### TASK TO COMPLETE
Please state the number of lines in the entries below where the word "upper" appears. Include nothing else.

*** DATA SHOWN ***

Lemma tlift_tmul (U V W : lmodType R) (f : U -> V -> W) u v :
  bilinear_map f -> tlift f (u ⊗ v) = f u v.
Proof. by move=> bil_f; rewrite /tlift tsum_pi // /tsum big_seq1. Qed.

Lemma tmul_bilinear (U V : lmodType R) : bilinear_map (@tmul R U V).
Proof.
by split=> a u u' v; apply: tensor_eqP => W f bil_f;
  rewrite -!/(tlift f _) tlift_linmap // !tlift_tmul //; case: bil_f.
Qed.

Lemma tmul_tliftr (U V X Y : lmodType R) (u : U) (K : X -> Y -> V) t :
  u ⊗ tlift K t = tlift (fun x y => u ⊗ K x y) t.
Proof. exact: (linmap_tlift _ _ (bilinear_map_linr (tmul_bilinear U V) u)). Qed.

Lemma tlift_tmul_id (U V : lmodType R) (t : tensor U V) : tlift tmul t = t.
Proof.
apply: tensor_eqP => W f bil_f; rewrite -!/(tlift f _) tlift_tlift //.
by apply: eq_tlift => u v; rewrite tlift_tmul.
Qed.

Lemma tensor_ext (U V X : lmodType R) (g g' : tensor U V -> X) :
  linmap g -> linmap g' -> (forall u v, g (u ⊗ v) = g' (u ⊗ v)) -> forall t, g t = g' t.
Proof.
move=> lin_g lin_g' e t; rewrite -(tlift_tmul_id t) !linmap_tlift //.
exact: eq_tlift.
Qed.

Lemma tensor_ext2 (U V U' V' X : lmodType R) (g g' : tensor U V -> tensor U' V' -> X) :
  (forall t', linmap (g^~ t')) -> (forall t, linmap (g t)) ->
  (forall t', linmap (g'^~ t')) -> (forall t, linmap (g' t)) ->
  (forall u v u' v', g (u ⊗ v) (u' ⊗ v') = g' (u ⊗ v) (u' ⊗ v')) ->
  forall t t', g t t' = g' t t'.
Proof.
move=> lin1 lin2 lin1' lin2' e t t'.
apply: (tensor_ext (g := g^~ t') (g' := g'^~ t')) => // u v.
exact: (tensor_ext (g := g (u ⊗ v)) (g' := g' (u ⊗ v))).
Qed.

Lemma linmap_id (U : lmodType R) : linmap (@id U).
Proof. by []. Qed.
(* Let $K\ge1$, $f_0^-\equiv0$, and let $f_1^-,\dots,f_K^-:\mathcal{S}\times\mathcal{A}\to\mathbb{R}$ and $b_1,\dots,b_K:\mathcal{S}\times\mathcal{A}\to[0,\infty)$ satisfy, for all $k\in\{1,\dots,K\}$ and all $(s,a)$, $$f_k^-(s,a)\le(\mathcal{T}f_{k-1}^-)(s,a)\le f_k^-(s,a)+2b_k(s,a).$$ For each $k$ let $\pi_k$ be a deterministic greedy policy w.r.t. $f_k^-$, i.e. $\pi_k(s)\in\arg\max_a f_k^-(s,a)$. Then for every (stationary) policy $\pi_{\mathrm{cp}}$, $$J_K(\pi_{\mathrm{cp}})-J_K(\pi_{K:1})\le2\sum_{t=0}^{K-1}\gamma^t\,\mathbb{E}_{(s,a)\sim d_t^{\pi_{\mathrm{cp}}}}[b_{K-t}(s,a)].$$
   Context: MDP $(\mathcal{S},\mathcal{A},P,R,\gamma,d_0)$ with finite $\mathcal{S},\mathcal{A}$, reward $R:\mathcal{S}\times\mathcal{A}\to[0,R_{\max}]$, $\gamma\in[0,1)$. The Bellman optimality operator is $(\mathcal{T}f)(s,a)=R(s,a)+\gamma\mathbb{E}_{s'\sim P(\cdot\mid s,a)}[\max_{a'}f(s',a')]$. The non-stationary policy $\pi_{K:1}$ generates $s_0\sim d_0$, $a_t\sim\pi_{K-t}(\cdot\mid s_t)$, $r_t=R(s_t,a_t)$, $s_{t+1}\sim P(\cdot\mid s_t,a_t)$ for $t=0,\dots,K-1$, and $J_K(\pi_{K:1})=\mathbb{E}[\sum_{t=0}^{K-1}\gamma^tr_t]$. For a stationary policy $\pi$, $J_K(\pi)$ is the same quantity with all $\pi_k=\pi$, and $d_t^\pi(s,a)=\Pr_\pi[s_t=s,a_t=a]$. *)

From HB Require Import structures.
From mathcomp Require Import all_boot all_order all_algebra.
Set Implicit Arguments. Unset Strict Implicit. Unset Printing Implicit Defensive.
Import Order.TTheory GRing.Theory Num.Theory.
Local Open Scope ring_scope.

Section MDP.
Variables (R : realFieldType) (S A : finType).

Definition is_dist (T : finType) (p : T -> R) : Prop :=
  (forall x, 0 <= p x) /\ \sum_(x : T) p x = 1.

(* max_{a'} g a' over the nonempty finite action set (a0 : A is any action;
   the value does not depend on it) *)
Definition maxA (a0 : A) (g : A -> R) : R := \big[Num.max/g a0]_(a : A) g a.

Definition bellman (a0 : A) (r : S -> A -> R) (gamma : R) (P : S -> A -> S -> R)
  (f : S -> A -> R) (s : S) (a : A) : R :=
  r s a + gamma * \sum_(s' : S) P s a s' * maxA a0 (f s').

(* A (possibly non-stationary) stochastic policy: pol t s a = Pr[a_t = a | s_t = s]. *)
Fixpoint state_dist (P : S -> A -> S -> R) (d0 : S -> R) (pol : nat -> S -> A -> R)
  (t : nat) : S -> R :=
  match t with
  | 0 => d0
  | t'.+1 => fun s' => \sum_(s : S) \sum_(a : A)
        state_dist P d0 pol t' s * pol t' s a * P s a s'
  end.

Definition sa_dist (P : S -> A -> S -> R) (d0 : S -> R) (pol : nat -> S -> A -> R) (t : nat) (s : S) (a : A) : R := state_dist P d0 pol t s * pol t s a.

Definition J (P : S -> A -> S -> R) (d0 : S -> R) (r : S -> A -> R) (gamma : R)
  (K : nat) (pol : nat -> S -> A -> R) : R :=
  \sum_(t < K) gamma ^+ t * \sum_(s : S) \sum_(a : A) sa_dist P d0 pol t s a * r s a.

Definition stationary (pi : S -> A -> R) : nat -> S -> A -> R := fun _ => pi.

(* non-stationary deterministic policy pi_{K:1}: at time t play pi_{K-t} *)
Definition nonstat (K : nat) (pi : nat -> S -> A) : nat -> S -> A -> R :=
  fun t s a => if a == pi (K - t)%N s then 1 else 0.

End MDP.

(* Let [x_t] be [gamma^t] times the mean of [f_(K-t)] under the comparator's
   state-action distribution [d_t], and [y_t] be [gamma^t] times the mean of
   [max_a f_(K-t)(s,a)] under the state distribution of [pi_(K:1)].  The upper
   half of the sandwich gives [x_t - x_(t+1) >= gamma^t (E_(d_t) r - 2 E_(d_t) b_(K-t))],
   because a one-step lookahead of [f_(K-t-1)] under the comparator is bounded
   by its maximum over actions.  Greediness and the lower half give
   [y_t - y_(t+1) <= gamma^t E r] along [pi_(K:1)].  Telescoping both and using
   [f_0 = 0] together with [x_0 <= y_0] (both start from [d_0]) yields the bound. *)
From Pilot Require Import Defs.
From mathcomp Require Import all_boot all_order all_algebra.
From mathcomp Require Import zify ring lra.
Set Implicit Arguments. Unset Strict Implicit. Unset Printing Implicit Defensive.
Import Order.TTheory GRing.Theory Num.Theory.
Local Open Scope ring_scope.

Lemma sumr_ord_telescope (V : zmodType) (x : nat -> V) (n : nat) :
  \sum_(t < n) (x t - x t.+1) = x 0%N - x n.
Proof.
rewrite -(big_mkord xpredT (fun t => x t - x t.+1)).
rewrite (telescope_sumr_eq (fun t => - x t)) //; first by rewrite opprK addrC.
by move=> t _; rewrite opprK addrC.
Qed.

Section MaxOverActions.
Variables (R : realFieldType) (A : finType) (a0 : A).

Lemma le_maxA (g : A -> R) a : g a <= Defs.maxA a0 g.
Proof. rewrite /Defs.maxA; exact: le_bigmax. Qed.

Lemma maxA_le (g : A -> R) c : (forall a, g a <= c) -> Defs.maxA a0 g <= c.
Proof. by move=> gc; rewrite /Defs.maxA; apply/bigmax_leP. Qed.

Lemma expect_le_maxA (p g : A -> R) : is_dist p -> \sum_a p a * g a <= Defs.maxA a0 g.
Proof.
move=> [p_ge0 p_sum1].
apply: (@le_trans _ _ (\sum_a p a * Defs.maxA a0 g)).
  by apply: ler_sum => a _; apply: ler_wpM2l => //; apply: le_maxA.
by rewrite -mulr_suml p_sum1 mul1r.
Qed.

End MaxOverActions.

Section Occupancy.
Variables (R : realFieldType) (S A : finType) (P : S -> A -> S -> R) (d0 : S -> R).
Implicit Types (pol : nat -> S -> A -> R) (u : S -> R) (g h : S -> A -> R).

Definition state_mean pol t u : R := \sum_s state_dist P d0 pol t s * u s.

Definition sa_mean pol t g : R := \sum_s \sum_a sa_dist P d0 pol t s a * g s a.

Lemma sa_meanE pol t g :
  sa_mean pol t g = state_mean pol t (fun s => \sum_a pol t s a * g s a).
Proof.
apply: eq_bigr => s _; rewrite mulr_sumr.
by apply: eq_bigr => a _; rewrite /sa_dist mulrA.
Qed.

Lemma sa_meanDZ pol t c g h :
  sa_mean pol t (fun s a => g s a + c * h s a) = sa_mean pol t g + c * sa_mean pol t h.
Proof.
rewrite /sa_mean mulr_sumr -big_split; apply: eq_bigr => s _.
rewrite mulr_sumr -big_split; apply: eq_bigr => a _ /=; ring.
Qed.

Lemma state_meanS pol t u :
  state_mean pol t.+1 u = sa_mean pol t (fun s a => \sum_s' P s a s' * u s').
Proof.
rewrite /state_mean /=.
under eq_bigr do rewrite mulr_suml.
under eq_bigr do under eq_bigr do rewrite mulr_suml.
rewrite exchange_big; apply: eq_bigr => s _.
rewrite exchange_big; apply: eq_bigr => a _.
by rewrite mulr_sumr; apply: eq_bigr => s' _; rewrite /sa_dist !mulrA.
Qed.

Lemma sa_mean_bellman (a0 : A) (r : S -> A -> R) (gamma : R) pol t f :
  sa_mean pol t (bellman a0 r gamma P f)
  = sa_mean pol t r + gamma * state_mean pol t.+1 (fun s => Defs.maxA a0 (f s)).
Proof. by rewrite sa_meanDZ state_meanS. Qed.

Hypotheses (P_ge0 : forall s a s', 0 <= P s a s') (d0_ge0 : forall s, 0 <= d0 s).

Lemma state_dist_ge0 pol t s :
  (forall t s a, 0 <= pol t s a) -> 0 <= state_dist P d0 pol t s.
Proof.
move=> pol_ge0; elim: t s => [|t IH] s //=.
by apply: sumr_ge0 => s' _; apply: sumr_ge0 => a _; rewrite !mulr_ge0.
Qed.

Lemma ler_state_mean pol t u v :
  (forall t s a, 0 <= pol t s a) -> (forall s, u s <= v s) ->
  state_mean pol t u <= state_mean pol t v.
Proof.
by move=> pol_ge0 uv; apply: ler_sum => s _; apply: ler_wpM2l => //; apply: state_dist_ge0.
Qed.

Lemma ler_sa_mean pol t g h :
  (forall t s a, 0 <= pol t s a) -> (forall s a, g s a <= h s a) ->
  sa_mean pol t g <= sa_mean pol t h.
Proof.
move=> pol_ge0 gh; apply: ler_sum => s _; apply: ler_sum => a _.
by apply: ler_wpM2l => //; apply: mulr_ge0; [apply: state_dist_ge0|].
Qed.

End Occupancy.

Lemma stationary_ge0 (R : realFieldType) (S A : finType) (pi : S -> A -> R) :
  (forall s, is_dist (pi s)) -> forall t s a, 0 <= stationary pi t s a.
Proof. by move=> pi_dist t s a; case: (pi_dist s). Qed.

Lemma nonstat_ge0 (R : realFieldType) (S A : finType) K (pi : nat -> S -> A) :
  forall t s a, 0 <= @nonstat R S A K pi t s a.
Proof. by move=> t s a; rewrite /nonstat; case: eqP. Qed.

Lemma sa_mean_nonstat (R : realFieldType) (S A : finType) P d0 K pi t
    (g : S -> A -> R) :
  sa_mean P d0 (nonstat R K pi) t g
  = state_mean P d0 (nonstat R K pi) t (fun s => g s (pi (K - t)%N s)).
Proof.
rewrite sa_meanE; apply: eq_bigr => s _; congr (_ * _).
rewrite (bigD1 (pi (K - t)%N s)) //= /nonstat eqxx mul1r big1 ?addr0 //.
by move=> a /negbTE ->; rewrite mul0r.
Qed.

Section SandwichedIterates.
Variables (R : realFieldType) (S A : finType) (a0 : A).
Variables (P : S -> A -> S -> R) (r : S -> A -> R) (gamma : R) (d0 : S -> R).
Hypotheses (P_dist : forall s a, is_dist (P s a)) (gamma_ge0 : 0 <= gamma).
Hypothesis d0_ge0 : forall s, 0 <= d0 s.
Variables (K : nat) (f b : nat -> S -> A -> R).
Hypothesis f_sandwich : forall k s a, (1 <= k <= K)%N ->
  f k s a <= bellman a0 r gamma P (f k.-1) s a <= f k s a + 2 * b k s a.

Let P_ge0 s a s' : 0 <= P s a s'. Proof. by case: (P_dist s a). Qed.

Lemma comparator_step (pi : S -> A -> R) t k :
  (forall s, is_dist (pi s)) -> (k < K)%N ->
  sa_mean P d0 (stationary pi) t r - 2 * sa_mean P d0 (stationary pi) t (b k.+1)
  <= sa_mean P d0 (stationary pi) t (f k.+1)
     - gamma * sa_mean P d0 (stationary pi) t.+1 (f k).
Proof.
move=> pi_dist ltkK; have pi_ge0 := stationary_ge0 pi_dist.
have lookahead : sa_mean P d0 (stationary pi) t.+1 (f k)
    <= state_mean P d0 (stationary pi) t.+1 (fun s => Defs.maxA a0 (f k s)).
  rewrite sa_meanE; apply: ler_state_mean => // s.
  exact: expect_le_maxA.
have upper : sa_mean P d0 (stationary pi) t (bellman a0 r gamma P (f k))
    <= sa_mean P d0 (stationary pi) t (fun s a => f k.+1 s a + 2 * b k.+1 s a).
  apply: ler_sa_mean => // s a.
  have range : (1 <= k.+1 <= K)%N by lia.
  by case/andP: (@f_sandwich k.+1 s a range).
rewrite sa_mean_bellman sa_meanDZ in upper.
have := ler_wpM2l gamma_ge0 lookahead; lra.
Qed.

Variables (pi : nat -> S -> A).
Hypothesis pi_greedy : forall k s a, (1 <= k <= K)%N -> f k s a <= f k s (pi k s).

Lemma greedy_step t : (t < K)%N ->
  state_mean P d0 (nonstat R K pi) t (fun s => Defs.maxA a0 (f (K - t)%N s))
  - gamma * state_mean P d0 (nonstat R K pi) t.+1 (fun s => Defs.maxA a0 (f (K - t.+1)%N s))
  <= sa_mean P d0 (nonstat R K pi) t r.
Proof.
move=> ltK; have ns_ge0 := @nonstat_ge0 R S A K pi.
suff : state_mean P d0 (nonstat R K pi) t (fun s => Defs.maxA a0 (f (K - t)%N s))
    <= sa_mean P d0 (nonstat R K pi) t (bellman a0 r gamma P (f (K - t.+1)%N)).
  by rewrite sa_mean_bellman lerBlDr.
rewrite sa_mean_nonstat; apply: ler_state_mean => // s.
have -> : (K - t = (K - t.+1).+1)%N by lia.
set k := (K - t.+1).+1; have range : (1 <= k <= K)%N by rewrite /k; lia.
have [lower _] := andP (@f_sandwich k s (pi k s) range).
by apply: le_trans lower; apply: maxA_le => a; apply: pi_greedy.
Qed.

End SandwichedIterates.

Theorem mainTheorem13 (R : realFieldType) (S A : finType) (a0 : A)
  (P : S -> A -> S -> R) (r : S -> A -> R) (Rmax gamma : R) (d0 : S -> R)
  (HP : forall s a, is_dist (P s a))
  (Hr : forall s a, 0 <= r s a <= Rmax)
  (Hgamma : 0 <= gamma < 1)
  (Hd0 : is_dist d0)
  (K : nat) (HK : (1 <= K)%N)
  (f b : nat -> S -> A -> R)
  (Hf0 : forall s a, f 0%N s a = 0)
  (Hb : forall k s a, (1 <= k <= K)%N -> 0 <= b k s a)
  (Hsand : forall k s a, (1 <= k <= K)%N ->
     f k s a <= bellman a0 r gamma P (f k.-1) s a <= f k s a + 2 * b k s a)
  (pi : nat -> S -> A)
  (Hgreedy : forall k s a, (1 <= k <= K)%N -> f k s a <= f k s (pi k s))
  (pi_cp : S -> A -> R) (Hcp : forall s, is_dist (pi_cp s)) :
  J P d0 r gamma K (stationary pi_cp) - J P d0 r gamma K (@nonstat R S A K pi)
  <= 2 * \sum_(t < K) gamma ^+ t *
        \sum_(s : S) \sum_(a : A) sa_dist P d0 (stationary pi_cp) t s a * b (K - t)%N s a.
Proof.
have [gamma_ge0 _] := andP Hgamma; have [d0_ge0 _] := Hd0.
have P_ge0 s a s' : 0 <= P s a s' by case: (HP s a).
set cp := stationary pi_cp; set ns := nonstat R K pi.
set x := fun t => gamma ^+ t * sa_mean P d0 cp t (f (K - t)%N).
set y := fun t => gamma ^+ t * state_mean P d0 ns t (fun s => Defs.maxA a0 (f (K - t)%N s)).
have comparator : J P d0 r gamma K cp
    - 2 * \sum_(t < K) gamma ^+ t * sa_mean P d0 cp t (b (K - t)%N) <= x 0%N - x K.
  rewrite -sumr_ord_telescope /J mulr_sumr -sumrB; apply: ler_sum => -[t ltK] _.
  rewrite /x /= -/(sa_mean P d0 cp t r) mulrCA.
  rewrite exprSr -mulrA -!mulrBr ler_wpM2l ?exprn_ge0 //.
  have eK : (K - t = (K - t.+1).+1)%N by lia.
  by rewrite eK; apply: (comparator_step HP gamma_ge0 d0_ge0 Hsand); last lia.
have greedy : y 0%N - y K <= J P d0 r gamma K ns.
  rewrite -sumr_ord_telescope; apply: ler_sum => -[t ltK] _.
  rewrite /y /= exprSr -mulrA -mulrBr ler_wpM2l ?exprn_ge0 //.
  exact: (greedy_step HP gamma_ge0 d0_ge0 Hsand Hgreedy).
have x_K : x K = 0.
  by rewrite /x subnn /sa_mean big1 ?mulr0 // => s _; rewrite big1 // => a _; rewrite Hf0 mulr0.
have y_K : y K <= 0.
  rewrite /y subnn; apply: mulr_ge0_le0; first exact: exprn_ge0.
  apply: sumr_le0 => s _; apply: mulr_ge0_le0.
    exact: (state_dist_ge0 P_ge0 d0_ge0 _ _ (nonstat_ge0 R K pi)).
  by apply: maxA_le => a; rewrite Hf0.
have x0_le_y0 : x 0%N <= y 0%N.
  rewrite /x /y !expr0 !mul1r subn0 sa_meanE.
  apply: (ler_state_mean P_ge0 d0_ge0 _ (stationary_ge0 Hcp)) => s.
  exact: expect_le_maxA.
move: comparator; rewrite /sa_mean; lra.
Qed.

*** End of DATA SHOWN ***

### ANSWER
3